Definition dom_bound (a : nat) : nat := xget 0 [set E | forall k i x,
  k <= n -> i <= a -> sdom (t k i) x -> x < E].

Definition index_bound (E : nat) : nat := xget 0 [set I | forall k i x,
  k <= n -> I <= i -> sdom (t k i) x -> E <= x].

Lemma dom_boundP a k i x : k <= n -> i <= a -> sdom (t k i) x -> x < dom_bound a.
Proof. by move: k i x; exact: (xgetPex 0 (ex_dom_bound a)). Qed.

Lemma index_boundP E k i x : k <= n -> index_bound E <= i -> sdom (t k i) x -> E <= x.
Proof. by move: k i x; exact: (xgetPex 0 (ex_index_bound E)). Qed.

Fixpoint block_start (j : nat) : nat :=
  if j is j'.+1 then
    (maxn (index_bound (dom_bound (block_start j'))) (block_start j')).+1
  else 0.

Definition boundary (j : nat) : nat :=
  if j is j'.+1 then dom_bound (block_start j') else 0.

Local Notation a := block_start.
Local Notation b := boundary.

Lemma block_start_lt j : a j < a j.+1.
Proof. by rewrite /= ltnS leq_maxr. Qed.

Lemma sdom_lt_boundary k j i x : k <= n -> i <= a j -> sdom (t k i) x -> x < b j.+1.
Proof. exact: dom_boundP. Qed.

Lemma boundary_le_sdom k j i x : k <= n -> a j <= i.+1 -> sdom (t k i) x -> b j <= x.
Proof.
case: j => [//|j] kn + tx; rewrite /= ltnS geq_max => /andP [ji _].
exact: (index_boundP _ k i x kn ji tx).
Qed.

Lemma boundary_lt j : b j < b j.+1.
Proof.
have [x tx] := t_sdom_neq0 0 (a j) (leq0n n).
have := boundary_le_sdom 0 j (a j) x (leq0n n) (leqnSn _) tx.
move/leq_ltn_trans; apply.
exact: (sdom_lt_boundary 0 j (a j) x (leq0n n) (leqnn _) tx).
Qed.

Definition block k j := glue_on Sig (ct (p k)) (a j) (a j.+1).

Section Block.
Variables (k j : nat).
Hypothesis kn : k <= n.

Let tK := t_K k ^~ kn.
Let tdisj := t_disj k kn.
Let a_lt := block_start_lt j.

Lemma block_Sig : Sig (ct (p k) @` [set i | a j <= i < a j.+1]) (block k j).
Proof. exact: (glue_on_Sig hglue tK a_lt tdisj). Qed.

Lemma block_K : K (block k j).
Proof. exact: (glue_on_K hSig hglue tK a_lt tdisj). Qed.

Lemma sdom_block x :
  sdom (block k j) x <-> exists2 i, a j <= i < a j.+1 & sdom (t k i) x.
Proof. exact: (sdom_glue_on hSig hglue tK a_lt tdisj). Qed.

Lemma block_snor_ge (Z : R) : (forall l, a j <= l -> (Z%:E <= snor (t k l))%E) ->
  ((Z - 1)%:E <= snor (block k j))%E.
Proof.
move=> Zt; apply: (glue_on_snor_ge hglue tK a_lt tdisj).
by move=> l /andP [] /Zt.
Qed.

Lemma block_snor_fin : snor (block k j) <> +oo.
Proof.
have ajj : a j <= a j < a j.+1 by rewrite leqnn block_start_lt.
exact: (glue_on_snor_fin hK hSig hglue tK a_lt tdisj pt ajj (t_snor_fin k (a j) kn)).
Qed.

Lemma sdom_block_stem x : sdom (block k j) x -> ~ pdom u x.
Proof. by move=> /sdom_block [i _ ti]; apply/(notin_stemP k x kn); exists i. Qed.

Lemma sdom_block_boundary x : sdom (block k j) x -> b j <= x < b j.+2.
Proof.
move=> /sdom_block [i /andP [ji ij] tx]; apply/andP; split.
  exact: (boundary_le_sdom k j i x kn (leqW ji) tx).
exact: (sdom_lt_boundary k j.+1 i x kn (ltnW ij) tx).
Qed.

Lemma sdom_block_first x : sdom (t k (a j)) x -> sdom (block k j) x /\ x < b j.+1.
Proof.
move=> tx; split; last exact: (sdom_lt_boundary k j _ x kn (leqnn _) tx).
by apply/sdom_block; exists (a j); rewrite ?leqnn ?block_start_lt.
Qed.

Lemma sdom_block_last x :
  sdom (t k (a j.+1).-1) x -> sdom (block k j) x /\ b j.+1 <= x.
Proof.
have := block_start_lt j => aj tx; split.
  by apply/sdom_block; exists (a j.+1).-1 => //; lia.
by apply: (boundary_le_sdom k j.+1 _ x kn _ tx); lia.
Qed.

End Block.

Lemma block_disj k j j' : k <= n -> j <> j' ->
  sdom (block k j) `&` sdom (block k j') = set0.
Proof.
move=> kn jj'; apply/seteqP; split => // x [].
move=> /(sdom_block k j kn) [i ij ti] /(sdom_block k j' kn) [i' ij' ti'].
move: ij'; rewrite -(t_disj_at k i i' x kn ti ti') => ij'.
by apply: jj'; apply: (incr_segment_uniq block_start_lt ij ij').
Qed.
* * * * * * * * *
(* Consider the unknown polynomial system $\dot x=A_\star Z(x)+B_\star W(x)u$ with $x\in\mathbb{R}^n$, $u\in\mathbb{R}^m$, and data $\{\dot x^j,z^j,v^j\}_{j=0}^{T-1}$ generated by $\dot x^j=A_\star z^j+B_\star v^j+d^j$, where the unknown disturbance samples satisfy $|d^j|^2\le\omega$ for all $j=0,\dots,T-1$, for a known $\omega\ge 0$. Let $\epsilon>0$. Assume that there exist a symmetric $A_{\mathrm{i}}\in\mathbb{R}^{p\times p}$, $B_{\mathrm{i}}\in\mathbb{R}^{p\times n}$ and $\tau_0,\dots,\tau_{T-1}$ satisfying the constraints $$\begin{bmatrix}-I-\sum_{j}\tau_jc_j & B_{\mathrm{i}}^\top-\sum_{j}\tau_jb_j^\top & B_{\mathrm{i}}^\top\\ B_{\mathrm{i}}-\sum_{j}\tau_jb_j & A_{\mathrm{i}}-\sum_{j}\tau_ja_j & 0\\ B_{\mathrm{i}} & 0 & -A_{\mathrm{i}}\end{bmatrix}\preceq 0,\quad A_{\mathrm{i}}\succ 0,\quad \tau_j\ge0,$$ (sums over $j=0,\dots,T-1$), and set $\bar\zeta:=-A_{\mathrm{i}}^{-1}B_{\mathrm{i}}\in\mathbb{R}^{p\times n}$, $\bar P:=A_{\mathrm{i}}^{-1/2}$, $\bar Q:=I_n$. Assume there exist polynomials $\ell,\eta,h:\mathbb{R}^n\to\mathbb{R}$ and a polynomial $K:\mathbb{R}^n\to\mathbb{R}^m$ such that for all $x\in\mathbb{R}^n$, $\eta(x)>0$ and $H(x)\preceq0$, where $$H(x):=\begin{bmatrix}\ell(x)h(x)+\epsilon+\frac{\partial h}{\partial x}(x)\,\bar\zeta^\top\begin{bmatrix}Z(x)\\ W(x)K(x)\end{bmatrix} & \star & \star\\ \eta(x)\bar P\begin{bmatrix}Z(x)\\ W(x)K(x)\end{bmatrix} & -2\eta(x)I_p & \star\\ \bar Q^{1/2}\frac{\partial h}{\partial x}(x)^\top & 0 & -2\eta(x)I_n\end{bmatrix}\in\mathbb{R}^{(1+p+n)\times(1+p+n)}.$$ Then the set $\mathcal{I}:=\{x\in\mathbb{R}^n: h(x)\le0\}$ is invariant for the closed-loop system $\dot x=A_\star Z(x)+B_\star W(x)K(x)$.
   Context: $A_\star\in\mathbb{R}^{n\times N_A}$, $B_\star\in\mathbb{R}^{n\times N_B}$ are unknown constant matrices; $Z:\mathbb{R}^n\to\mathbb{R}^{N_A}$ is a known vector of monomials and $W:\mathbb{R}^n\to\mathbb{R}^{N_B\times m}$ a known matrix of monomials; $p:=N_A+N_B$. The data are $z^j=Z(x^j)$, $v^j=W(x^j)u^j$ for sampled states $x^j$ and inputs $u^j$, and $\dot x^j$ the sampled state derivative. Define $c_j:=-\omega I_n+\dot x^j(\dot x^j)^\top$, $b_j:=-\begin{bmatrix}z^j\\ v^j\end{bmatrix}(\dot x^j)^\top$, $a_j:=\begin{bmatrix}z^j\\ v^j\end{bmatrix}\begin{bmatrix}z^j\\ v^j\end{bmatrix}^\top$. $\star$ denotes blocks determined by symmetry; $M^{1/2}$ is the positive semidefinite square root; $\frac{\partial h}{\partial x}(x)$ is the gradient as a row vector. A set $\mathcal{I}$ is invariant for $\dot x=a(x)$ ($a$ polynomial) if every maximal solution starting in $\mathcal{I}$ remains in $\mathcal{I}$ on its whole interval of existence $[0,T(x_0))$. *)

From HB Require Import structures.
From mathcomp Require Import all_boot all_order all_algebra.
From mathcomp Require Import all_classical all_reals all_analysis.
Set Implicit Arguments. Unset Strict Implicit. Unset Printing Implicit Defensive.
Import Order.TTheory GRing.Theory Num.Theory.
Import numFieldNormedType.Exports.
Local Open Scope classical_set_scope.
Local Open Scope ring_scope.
* * * * * * * * *
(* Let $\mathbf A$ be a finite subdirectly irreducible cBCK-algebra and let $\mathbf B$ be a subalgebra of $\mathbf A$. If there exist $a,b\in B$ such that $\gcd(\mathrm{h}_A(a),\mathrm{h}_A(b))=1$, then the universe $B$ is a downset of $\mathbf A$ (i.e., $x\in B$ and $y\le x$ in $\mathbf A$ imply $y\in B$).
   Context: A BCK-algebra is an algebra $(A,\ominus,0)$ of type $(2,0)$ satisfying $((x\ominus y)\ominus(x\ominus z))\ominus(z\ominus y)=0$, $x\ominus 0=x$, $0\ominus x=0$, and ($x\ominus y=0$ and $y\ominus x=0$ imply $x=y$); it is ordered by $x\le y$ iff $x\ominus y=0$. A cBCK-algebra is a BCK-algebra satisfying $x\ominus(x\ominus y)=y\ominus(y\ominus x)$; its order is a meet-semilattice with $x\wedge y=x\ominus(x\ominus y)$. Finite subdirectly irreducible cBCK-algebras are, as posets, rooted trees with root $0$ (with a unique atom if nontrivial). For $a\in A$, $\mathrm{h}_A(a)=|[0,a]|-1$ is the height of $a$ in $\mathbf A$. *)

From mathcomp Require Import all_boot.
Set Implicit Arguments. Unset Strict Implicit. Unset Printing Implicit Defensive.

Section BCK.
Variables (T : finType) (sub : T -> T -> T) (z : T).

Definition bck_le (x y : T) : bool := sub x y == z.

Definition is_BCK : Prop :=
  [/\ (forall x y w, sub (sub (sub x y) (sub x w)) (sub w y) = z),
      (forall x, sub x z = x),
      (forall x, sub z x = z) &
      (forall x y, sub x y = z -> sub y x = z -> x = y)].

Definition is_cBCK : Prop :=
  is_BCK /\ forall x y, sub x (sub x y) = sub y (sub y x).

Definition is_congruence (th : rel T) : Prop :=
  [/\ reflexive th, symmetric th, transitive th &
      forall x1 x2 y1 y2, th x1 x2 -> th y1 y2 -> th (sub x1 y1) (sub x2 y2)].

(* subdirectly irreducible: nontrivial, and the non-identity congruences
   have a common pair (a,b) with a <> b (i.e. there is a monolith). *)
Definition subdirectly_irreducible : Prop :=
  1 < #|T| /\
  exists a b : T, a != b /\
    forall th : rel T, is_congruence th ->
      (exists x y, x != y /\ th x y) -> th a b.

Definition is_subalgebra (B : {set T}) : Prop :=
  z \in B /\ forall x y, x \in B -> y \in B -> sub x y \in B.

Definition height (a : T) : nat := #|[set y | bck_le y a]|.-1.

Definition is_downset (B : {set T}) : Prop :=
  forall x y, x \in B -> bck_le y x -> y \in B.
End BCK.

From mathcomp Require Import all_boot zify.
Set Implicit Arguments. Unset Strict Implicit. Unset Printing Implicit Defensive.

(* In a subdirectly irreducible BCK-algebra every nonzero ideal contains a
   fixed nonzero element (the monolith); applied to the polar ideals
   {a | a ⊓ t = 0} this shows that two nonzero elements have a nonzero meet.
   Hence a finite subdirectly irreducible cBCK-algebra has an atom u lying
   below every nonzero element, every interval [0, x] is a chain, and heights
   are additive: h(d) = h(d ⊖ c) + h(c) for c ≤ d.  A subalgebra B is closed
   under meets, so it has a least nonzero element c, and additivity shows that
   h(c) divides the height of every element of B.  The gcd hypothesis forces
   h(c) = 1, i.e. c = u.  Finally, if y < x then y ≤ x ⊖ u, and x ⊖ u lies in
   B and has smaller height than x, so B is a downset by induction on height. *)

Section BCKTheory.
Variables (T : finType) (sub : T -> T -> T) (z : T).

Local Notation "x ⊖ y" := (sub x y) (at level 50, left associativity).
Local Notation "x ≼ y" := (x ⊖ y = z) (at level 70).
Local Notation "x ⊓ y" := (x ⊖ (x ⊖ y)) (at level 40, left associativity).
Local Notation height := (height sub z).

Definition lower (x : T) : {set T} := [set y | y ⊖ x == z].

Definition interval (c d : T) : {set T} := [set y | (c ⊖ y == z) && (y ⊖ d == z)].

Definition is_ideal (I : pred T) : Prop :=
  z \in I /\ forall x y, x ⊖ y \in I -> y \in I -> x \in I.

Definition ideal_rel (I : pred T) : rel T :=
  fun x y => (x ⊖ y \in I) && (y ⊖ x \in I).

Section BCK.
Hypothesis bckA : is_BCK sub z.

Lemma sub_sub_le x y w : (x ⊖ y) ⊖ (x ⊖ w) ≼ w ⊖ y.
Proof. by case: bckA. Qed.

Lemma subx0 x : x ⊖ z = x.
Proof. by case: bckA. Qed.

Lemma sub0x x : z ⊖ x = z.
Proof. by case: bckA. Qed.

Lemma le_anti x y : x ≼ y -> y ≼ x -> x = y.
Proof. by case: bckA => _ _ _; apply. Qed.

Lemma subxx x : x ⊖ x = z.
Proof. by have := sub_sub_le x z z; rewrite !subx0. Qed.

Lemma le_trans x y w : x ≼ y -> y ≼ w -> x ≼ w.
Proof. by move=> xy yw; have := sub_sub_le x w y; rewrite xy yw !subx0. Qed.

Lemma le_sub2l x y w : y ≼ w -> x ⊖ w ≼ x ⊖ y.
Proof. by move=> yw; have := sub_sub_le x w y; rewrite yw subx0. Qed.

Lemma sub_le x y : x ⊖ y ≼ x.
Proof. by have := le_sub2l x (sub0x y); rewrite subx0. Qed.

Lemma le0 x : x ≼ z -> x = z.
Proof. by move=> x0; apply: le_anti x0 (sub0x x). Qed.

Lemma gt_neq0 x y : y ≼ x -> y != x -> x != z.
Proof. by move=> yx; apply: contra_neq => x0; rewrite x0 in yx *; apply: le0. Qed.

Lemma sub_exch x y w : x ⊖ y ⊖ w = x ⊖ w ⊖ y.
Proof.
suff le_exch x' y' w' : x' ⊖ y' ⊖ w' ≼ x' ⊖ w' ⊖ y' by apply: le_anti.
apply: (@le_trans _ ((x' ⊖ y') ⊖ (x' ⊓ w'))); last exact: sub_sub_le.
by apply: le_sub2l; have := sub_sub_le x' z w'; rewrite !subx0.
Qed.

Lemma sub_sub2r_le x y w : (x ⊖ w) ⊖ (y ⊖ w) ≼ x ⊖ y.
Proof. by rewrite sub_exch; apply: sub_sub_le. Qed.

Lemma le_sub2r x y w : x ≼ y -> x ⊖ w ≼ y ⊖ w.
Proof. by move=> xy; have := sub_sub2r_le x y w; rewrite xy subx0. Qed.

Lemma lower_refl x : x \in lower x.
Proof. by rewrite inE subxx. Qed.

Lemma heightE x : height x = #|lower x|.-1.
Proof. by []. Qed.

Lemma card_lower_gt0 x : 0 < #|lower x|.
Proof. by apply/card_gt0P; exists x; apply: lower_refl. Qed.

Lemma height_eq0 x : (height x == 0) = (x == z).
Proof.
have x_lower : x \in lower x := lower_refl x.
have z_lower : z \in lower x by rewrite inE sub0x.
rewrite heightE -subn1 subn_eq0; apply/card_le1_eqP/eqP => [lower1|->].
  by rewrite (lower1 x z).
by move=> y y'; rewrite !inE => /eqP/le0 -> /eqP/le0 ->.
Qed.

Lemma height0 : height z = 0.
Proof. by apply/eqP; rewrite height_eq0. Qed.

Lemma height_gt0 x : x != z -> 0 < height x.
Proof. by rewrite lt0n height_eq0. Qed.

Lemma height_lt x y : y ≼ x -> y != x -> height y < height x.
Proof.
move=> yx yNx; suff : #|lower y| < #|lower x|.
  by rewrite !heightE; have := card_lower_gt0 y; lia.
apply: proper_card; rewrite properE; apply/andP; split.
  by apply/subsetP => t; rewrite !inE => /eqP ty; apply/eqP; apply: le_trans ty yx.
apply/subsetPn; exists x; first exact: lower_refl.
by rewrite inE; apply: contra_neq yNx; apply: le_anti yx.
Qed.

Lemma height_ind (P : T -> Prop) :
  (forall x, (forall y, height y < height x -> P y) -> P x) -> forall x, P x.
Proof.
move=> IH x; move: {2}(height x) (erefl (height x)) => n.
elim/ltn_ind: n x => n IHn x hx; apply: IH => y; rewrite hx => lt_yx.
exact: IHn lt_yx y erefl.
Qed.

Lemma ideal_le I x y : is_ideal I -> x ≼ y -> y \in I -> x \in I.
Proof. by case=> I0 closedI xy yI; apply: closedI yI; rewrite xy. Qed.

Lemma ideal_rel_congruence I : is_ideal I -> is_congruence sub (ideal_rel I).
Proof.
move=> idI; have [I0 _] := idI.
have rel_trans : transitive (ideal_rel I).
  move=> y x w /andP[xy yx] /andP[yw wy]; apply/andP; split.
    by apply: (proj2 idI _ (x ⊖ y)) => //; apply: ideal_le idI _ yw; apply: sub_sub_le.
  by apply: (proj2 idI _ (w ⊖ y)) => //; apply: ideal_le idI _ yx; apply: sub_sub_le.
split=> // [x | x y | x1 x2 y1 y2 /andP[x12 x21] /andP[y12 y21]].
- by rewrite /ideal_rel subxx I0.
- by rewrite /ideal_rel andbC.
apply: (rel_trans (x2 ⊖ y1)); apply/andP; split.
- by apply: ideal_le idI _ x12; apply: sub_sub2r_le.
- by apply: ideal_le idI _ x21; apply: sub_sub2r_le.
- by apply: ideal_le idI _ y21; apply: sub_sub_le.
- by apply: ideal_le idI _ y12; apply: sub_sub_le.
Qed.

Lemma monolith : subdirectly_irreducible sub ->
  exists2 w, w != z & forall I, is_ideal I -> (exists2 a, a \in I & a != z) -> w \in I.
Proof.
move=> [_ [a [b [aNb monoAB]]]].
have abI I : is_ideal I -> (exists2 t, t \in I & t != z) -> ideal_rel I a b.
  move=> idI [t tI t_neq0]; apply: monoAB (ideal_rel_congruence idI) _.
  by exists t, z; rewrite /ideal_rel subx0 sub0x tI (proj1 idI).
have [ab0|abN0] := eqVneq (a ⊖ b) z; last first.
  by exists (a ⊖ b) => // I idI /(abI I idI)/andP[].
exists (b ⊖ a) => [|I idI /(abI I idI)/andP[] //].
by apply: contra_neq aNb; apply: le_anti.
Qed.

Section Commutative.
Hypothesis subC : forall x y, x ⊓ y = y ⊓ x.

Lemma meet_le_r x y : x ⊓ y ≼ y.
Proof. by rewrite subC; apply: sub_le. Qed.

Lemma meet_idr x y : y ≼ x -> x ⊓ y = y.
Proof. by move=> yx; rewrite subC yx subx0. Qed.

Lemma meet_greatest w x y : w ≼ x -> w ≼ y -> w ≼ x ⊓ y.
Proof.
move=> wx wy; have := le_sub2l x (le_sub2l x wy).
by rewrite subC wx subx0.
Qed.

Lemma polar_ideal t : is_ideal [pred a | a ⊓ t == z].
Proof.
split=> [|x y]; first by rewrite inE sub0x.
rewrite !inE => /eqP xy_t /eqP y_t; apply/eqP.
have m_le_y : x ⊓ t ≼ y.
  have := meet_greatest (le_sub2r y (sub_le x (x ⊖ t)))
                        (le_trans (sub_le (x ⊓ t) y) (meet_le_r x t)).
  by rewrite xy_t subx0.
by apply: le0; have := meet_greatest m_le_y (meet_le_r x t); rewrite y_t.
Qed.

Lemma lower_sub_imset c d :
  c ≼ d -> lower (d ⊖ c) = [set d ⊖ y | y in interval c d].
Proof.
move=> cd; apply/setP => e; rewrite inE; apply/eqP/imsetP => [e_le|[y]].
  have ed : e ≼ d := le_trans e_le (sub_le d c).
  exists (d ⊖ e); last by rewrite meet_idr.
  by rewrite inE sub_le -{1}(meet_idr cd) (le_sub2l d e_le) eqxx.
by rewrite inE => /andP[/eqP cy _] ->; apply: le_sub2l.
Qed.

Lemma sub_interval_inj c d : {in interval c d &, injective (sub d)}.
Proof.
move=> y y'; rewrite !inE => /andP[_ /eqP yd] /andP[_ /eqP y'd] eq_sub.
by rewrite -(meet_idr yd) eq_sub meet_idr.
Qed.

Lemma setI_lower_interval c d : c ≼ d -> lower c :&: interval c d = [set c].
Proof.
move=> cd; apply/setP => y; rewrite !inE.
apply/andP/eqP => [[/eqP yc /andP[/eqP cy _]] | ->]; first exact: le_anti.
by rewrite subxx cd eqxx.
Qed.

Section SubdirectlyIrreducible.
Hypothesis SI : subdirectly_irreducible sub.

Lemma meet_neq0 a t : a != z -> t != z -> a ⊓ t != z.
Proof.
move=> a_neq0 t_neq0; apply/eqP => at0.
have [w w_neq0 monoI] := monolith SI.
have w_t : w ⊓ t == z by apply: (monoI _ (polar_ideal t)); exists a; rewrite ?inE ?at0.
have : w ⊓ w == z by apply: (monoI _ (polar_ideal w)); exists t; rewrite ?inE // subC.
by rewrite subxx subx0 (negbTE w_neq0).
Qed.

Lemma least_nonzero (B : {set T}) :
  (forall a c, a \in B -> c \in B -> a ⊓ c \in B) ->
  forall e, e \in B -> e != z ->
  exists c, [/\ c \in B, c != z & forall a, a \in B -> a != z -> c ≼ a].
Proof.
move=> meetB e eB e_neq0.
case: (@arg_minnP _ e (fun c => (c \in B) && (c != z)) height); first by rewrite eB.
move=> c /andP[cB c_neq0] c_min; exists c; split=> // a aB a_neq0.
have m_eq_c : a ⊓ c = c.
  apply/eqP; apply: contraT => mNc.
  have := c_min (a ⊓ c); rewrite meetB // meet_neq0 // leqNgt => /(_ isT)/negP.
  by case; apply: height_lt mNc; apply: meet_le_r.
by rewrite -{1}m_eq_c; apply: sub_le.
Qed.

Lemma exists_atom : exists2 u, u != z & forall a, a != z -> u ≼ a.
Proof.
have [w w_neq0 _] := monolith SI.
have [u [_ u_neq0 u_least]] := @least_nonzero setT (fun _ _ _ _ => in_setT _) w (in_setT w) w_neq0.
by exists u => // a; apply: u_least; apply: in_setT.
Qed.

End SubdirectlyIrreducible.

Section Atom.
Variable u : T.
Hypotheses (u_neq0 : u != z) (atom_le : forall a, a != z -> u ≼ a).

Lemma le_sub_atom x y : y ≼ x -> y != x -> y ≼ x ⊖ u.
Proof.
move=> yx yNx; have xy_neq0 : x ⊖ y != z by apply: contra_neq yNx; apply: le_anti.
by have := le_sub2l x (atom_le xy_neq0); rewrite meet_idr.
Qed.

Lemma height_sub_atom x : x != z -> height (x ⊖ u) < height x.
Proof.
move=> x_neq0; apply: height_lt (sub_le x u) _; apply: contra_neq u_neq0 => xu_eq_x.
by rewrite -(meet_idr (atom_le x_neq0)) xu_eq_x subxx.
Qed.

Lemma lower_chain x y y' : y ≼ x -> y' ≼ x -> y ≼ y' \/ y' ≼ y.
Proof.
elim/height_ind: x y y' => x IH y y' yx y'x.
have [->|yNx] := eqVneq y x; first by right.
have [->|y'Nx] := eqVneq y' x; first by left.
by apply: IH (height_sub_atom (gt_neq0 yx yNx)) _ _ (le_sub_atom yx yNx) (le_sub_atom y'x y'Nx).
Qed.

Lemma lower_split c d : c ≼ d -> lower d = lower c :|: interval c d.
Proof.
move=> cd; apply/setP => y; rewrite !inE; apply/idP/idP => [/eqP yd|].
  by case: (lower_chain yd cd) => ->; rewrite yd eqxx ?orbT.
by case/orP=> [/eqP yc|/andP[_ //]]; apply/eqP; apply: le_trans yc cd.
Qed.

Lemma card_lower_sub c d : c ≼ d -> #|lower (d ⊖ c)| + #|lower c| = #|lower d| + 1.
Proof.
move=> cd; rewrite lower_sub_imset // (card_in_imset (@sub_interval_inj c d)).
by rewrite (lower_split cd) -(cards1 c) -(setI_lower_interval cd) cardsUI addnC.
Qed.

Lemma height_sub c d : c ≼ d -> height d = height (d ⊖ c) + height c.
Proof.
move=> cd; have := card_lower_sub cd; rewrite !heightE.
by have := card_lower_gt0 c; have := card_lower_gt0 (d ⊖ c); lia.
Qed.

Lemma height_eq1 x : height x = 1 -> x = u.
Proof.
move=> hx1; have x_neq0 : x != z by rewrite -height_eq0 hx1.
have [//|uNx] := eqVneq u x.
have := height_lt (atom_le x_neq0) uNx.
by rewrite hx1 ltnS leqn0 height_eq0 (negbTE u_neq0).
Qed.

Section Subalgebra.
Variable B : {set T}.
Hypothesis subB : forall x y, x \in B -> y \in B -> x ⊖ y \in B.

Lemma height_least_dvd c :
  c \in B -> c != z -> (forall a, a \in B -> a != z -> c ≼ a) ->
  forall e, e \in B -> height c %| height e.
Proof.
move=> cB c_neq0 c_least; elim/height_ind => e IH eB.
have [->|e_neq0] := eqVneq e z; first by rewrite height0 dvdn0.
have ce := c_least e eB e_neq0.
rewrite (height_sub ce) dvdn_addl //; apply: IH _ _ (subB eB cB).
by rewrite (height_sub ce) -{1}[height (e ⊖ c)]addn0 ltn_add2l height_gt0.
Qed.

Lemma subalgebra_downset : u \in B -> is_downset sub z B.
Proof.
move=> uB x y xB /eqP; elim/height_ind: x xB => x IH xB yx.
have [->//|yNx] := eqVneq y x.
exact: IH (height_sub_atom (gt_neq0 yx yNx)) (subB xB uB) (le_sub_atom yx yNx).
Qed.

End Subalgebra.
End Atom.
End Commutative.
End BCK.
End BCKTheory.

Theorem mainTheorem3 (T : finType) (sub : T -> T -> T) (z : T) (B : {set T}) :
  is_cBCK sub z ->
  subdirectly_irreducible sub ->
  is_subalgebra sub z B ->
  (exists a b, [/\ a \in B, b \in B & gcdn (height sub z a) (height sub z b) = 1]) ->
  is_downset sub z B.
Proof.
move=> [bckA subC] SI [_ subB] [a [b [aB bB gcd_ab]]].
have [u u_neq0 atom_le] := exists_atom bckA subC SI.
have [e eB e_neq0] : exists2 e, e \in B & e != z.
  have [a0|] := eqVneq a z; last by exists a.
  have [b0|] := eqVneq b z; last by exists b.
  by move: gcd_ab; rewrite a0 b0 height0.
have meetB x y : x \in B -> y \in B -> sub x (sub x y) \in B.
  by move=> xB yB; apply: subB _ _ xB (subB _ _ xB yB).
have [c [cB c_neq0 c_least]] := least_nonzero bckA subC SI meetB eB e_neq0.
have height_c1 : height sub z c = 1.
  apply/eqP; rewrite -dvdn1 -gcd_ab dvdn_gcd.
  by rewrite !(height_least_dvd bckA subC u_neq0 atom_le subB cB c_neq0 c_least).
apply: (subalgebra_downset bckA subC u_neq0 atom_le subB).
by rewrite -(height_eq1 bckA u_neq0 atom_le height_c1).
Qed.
* * * * * * * * *
### Problem requirements
Your answer must consist solely of the lines above between the line holding "Definition dom_bound (a" and the line holding "Proof. by move: k i x; exact: (xgetPex 0 (ex_dom_bound", inclusive, copied exactly.

### Task result
Definition dom_bound (a : nat) : nat := xget 0 [set E | forall k i x,
  k <= n -> i <= a -> sdom (t k i) x -> x < E].

Definition index_bound (E : nat) : nat := xget 0 [set I | forall k i x,
  k <= n -> I <= i -> sdom (t k i) x -> E <= x].

Lemma dom_boundP a k i x : k <= n -> i <= a -> sdom (t k i) x -> x < dom_bound a.
Proof. by move: k i x; exact: (xgetPex 0 (ex_dom_bound a)). Qed.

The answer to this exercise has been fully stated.